• Assignment: Only a number is wanted here: the count of lines in the entries below that include the word "From".

• Given records:
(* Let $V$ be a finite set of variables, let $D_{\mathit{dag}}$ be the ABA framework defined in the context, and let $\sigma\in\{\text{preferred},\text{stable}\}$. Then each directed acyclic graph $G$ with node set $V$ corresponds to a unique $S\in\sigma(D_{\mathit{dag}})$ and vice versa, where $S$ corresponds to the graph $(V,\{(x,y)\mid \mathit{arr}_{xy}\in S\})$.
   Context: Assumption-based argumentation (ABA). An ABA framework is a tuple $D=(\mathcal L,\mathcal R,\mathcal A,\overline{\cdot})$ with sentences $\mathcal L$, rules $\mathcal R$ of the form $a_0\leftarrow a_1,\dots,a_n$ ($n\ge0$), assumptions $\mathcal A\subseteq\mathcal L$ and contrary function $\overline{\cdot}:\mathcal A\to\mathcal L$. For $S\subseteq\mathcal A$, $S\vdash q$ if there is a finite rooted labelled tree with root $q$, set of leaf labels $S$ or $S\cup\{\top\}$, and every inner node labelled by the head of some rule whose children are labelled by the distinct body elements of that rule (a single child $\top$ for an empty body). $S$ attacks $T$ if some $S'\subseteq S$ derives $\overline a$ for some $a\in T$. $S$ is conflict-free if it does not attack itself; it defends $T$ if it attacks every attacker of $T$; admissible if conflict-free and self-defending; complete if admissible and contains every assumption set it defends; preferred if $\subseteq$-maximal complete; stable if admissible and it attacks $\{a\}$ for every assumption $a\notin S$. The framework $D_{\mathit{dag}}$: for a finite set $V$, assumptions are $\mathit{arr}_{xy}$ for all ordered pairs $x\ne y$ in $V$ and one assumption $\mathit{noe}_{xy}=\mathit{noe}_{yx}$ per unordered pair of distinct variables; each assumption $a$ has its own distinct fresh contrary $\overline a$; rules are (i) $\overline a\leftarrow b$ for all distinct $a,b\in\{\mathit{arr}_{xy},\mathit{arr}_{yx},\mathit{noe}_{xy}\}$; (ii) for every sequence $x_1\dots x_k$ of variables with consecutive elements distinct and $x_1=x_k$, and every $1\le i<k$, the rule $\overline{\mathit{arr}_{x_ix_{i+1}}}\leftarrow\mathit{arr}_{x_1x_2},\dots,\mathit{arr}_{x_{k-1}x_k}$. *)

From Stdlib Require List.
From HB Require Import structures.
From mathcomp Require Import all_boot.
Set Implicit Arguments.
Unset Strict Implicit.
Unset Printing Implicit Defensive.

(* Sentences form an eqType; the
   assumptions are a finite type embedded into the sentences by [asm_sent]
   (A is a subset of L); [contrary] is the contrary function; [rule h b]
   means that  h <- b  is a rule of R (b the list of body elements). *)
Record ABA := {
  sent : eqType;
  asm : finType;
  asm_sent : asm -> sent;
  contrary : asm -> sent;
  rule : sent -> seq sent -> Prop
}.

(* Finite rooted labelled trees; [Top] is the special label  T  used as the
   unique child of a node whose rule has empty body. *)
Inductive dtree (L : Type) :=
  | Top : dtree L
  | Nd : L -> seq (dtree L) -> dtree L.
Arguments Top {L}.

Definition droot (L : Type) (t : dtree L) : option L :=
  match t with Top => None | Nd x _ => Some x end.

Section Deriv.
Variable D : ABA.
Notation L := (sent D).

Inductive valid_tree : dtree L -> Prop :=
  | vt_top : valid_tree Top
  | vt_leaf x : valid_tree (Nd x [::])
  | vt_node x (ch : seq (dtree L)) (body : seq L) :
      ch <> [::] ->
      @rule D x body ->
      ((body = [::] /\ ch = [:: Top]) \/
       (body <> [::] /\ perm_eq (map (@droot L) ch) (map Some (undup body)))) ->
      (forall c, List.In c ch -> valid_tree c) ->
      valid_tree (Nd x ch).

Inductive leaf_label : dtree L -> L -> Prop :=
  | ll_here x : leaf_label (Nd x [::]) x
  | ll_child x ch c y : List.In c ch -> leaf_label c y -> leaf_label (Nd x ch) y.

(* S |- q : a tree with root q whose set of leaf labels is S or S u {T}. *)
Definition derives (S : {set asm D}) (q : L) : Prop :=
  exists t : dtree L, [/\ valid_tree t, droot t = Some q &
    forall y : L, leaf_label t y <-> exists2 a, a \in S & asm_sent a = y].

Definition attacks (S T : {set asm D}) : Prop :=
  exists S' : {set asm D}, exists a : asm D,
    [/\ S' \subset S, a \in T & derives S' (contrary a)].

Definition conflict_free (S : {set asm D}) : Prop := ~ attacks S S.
--
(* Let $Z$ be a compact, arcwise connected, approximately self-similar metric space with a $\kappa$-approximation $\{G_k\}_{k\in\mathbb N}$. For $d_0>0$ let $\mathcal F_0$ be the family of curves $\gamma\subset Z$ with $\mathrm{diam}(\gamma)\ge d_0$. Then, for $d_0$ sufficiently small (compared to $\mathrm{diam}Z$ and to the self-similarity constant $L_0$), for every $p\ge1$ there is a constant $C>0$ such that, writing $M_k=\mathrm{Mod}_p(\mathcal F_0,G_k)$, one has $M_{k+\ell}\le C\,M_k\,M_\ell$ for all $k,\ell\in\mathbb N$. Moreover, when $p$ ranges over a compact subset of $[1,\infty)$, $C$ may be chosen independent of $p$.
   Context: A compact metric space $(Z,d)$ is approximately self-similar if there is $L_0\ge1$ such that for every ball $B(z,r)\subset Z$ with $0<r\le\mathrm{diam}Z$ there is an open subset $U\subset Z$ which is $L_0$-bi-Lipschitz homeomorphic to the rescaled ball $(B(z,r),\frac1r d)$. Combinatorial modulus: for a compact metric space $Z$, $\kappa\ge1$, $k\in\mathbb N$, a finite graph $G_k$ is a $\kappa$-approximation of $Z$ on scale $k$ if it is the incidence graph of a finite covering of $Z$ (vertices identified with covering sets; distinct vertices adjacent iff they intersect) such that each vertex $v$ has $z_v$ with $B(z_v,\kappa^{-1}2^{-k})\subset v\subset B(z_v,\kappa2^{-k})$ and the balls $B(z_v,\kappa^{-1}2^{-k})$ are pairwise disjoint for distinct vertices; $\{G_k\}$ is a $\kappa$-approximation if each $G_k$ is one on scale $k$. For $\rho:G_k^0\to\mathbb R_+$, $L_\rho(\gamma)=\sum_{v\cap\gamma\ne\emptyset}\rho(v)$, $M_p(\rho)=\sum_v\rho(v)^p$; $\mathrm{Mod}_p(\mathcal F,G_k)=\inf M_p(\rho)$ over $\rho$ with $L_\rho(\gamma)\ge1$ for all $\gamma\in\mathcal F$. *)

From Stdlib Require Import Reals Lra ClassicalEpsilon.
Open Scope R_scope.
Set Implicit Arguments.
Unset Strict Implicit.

• Response area: 4